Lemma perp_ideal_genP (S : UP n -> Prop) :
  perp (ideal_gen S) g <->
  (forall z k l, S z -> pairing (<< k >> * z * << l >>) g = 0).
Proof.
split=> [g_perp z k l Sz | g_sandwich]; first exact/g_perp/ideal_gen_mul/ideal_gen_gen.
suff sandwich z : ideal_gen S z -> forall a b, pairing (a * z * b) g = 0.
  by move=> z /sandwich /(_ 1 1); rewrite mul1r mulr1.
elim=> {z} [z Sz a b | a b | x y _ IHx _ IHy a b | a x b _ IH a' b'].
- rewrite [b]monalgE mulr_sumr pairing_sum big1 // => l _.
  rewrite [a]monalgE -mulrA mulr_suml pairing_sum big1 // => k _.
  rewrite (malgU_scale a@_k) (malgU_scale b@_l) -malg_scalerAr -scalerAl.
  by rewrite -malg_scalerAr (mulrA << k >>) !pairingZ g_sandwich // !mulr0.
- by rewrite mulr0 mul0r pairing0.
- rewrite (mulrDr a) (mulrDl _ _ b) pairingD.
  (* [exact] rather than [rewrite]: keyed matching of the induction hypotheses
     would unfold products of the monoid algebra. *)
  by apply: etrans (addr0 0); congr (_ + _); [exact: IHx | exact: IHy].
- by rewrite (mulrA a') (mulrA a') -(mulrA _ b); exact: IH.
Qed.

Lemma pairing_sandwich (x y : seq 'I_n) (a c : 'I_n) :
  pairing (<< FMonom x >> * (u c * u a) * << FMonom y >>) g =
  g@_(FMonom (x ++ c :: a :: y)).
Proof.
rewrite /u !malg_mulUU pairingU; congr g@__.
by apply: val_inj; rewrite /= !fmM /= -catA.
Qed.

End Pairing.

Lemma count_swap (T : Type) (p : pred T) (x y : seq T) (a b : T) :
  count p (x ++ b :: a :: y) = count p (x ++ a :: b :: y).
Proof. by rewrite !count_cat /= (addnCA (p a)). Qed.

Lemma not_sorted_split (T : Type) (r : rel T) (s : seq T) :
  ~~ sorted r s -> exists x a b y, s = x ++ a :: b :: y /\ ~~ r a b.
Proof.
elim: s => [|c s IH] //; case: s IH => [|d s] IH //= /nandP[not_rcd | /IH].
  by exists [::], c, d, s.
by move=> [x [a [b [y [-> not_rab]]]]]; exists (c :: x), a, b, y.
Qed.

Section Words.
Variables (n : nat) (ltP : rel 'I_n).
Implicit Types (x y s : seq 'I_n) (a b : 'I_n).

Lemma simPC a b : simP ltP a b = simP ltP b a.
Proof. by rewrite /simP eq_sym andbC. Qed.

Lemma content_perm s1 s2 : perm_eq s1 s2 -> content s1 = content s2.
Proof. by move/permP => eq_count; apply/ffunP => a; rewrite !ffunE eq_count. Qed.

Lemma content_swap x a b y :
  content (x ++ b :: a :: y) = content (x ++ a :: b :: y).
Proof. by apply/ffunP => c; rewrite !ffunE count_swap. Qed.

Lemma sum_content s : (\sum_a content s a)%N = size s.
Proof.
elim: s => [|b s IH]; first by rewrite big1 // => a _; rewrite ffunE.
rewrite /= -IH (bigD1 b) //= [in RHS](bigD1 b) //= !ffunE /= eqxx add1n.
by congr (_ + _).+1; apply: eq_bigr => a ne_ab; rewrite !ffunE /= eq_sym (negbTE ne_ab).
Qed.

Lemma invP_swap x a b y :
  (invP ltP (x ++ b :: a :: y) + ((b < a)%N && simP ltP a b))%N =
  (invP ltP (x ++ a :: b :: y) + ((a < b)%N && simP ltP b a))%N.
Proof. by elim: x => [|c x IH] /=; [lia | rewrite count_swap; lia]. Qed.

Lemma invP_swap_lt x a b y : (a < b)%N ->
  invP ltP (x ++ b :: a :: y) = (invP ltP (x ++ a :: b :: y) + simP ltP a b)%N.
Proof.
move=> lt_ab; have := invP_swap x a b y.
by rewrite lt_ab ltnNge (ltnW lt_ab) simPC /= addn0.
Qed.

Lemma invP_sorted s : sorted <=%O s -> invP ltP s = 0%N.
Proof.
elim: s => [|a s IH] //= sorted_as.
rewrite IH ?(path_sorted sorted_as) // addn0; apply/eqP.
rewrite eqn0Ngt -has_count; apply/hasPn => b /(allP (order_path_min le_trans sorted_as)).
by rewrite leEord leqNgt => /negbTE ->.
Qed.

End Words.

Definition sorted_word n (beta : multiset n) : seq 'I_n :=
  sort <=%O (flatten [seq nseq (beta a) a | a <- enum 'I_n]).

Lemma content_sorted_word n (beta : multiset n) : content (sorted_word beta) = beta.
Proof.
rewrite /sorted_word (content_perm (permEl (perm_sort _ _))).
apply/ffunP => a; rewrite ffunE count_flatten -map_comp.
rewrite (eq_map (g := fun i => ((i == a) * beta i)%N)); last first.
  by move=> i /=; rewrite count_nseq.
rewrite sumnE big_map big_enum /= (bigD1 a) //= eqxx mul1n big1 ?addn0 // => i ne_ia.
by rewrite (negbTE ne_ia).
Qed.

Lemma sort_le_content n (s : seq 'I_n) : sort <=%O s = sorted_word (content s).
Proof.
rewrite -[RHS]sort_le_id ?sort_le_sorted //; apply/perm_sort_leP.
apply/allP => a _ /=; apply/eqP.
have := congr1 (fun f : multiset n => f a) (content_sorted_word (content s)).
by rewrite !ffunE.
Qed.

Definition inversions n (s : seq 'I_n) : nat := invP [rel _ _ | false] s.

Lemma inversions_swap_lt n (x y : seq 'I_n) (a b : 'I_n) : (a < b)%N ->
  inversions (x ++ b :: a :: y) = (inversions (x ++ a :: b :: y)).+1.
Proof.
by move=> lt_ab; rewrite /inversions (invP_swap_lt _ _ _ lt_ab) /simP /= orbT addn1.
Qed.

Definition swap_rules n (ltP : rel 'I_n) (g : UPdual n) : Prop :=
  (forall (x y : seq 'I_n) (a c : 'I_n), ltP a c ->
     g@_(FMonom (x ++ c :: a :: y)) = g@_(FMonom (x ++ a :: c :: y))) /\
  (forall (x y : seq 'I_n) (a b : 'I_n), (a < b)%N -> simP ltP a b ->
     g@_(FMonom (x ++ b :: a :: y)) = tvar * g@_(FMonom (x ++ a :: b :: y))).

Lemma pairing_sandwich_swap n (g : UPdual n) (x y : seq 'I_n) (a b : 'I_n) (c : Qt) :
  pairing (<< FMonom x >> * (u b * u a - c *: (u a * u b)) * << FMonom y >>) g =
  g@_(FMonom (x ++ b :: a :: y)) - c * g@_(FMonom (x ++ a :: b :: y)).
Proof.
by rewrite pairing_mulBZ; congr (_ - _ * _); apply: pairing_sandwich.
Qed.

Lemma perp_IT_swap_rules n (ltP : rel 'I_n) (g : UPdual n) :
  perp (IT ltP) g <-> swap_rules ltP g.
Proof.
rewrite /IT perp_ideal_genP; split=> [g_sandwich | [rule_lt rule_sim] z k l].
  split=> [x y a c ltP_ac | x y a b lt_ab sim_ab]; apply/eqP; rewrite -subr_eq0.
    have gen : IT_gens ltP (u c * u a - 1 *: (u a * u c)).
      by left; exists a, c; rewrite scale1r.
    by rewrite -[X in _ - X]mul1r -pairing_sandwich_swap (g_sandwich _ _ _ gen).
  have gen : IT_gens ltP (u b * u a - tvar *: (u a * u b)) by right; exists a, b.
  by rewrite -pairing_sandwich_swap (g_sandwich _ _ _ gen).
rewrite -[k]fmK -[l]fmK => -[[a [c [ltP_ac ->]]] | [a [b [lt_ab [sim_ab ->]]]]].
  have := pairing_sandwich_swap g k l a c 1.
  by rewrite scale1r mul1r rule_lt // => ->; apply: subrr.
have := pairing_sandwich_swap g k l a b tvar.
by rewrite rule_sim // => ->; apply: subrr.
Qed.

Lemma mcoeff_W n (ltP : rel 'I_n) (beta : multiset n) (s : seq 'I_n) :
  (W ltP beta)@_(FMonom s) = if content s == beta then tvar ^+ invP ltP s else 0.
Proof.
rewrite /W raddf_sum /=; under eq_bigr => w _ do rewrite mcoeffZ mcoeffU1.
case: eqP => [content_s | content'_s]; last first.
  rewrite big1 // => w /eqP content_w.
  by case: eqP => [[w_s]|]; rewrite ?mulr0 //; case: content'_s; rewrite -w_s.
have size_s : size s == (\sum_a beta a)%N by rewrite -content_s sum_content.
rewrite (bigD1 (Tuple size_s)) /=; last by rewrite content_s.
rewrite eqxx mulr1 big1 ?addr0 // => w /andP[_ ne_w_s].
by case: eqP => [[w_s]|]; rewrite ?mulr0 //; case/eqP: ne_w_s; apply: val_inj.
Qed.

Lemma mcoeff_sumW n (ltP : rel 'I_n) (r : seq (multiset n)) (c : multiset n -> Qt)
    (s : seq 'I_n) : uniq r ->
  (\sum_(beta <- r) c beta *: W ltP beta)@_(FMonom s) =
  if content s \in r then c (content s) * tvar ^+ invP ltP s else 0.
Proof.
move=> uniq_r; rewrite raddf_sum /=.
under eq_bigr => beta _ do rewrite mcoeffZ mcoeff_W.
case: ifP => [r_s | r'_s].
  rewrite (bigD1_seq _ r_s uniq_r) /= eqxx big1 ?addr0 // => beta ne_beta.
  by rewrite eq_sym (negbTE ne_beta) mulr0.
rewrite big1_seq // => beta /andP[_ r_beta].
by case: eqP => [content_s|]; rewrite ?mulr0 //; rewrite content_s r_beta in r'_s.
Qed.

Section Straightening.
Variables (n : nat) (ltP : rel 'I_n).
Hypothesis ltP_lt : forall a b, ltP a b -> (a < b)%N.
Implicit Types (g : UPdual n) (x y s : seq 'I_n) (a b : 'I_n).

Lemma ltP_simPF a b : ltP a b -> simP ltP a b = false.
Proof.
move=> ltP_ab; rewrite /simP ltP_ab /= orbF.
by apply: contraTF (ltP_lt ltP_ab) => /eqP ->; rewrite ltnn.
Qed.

▶ [EXERCISE GOAL] Return every line of the data above in which "have" appears.

▶ [RESPONSE TO THIS TASK]
move=> lt_ab; have := invP_swap x a b y.
have := congr1 (fun f : multiset n => f a) (content_sorted_word (content s)).
    have gen : IT_gens ltP (u c * u a - 1 *: (u a * u c)).
  have gen : IT_gens ltP (u b * u a - tvar *: (u a * u b)) by right; exists a, b.
  have := pairing_sandwich_swap g k l a c 1.
have := pairing_sandwich_swap g k l a b tvar.
have size_s : size s == (\sum_a beta a)%N by rewrite -content_s sum_content.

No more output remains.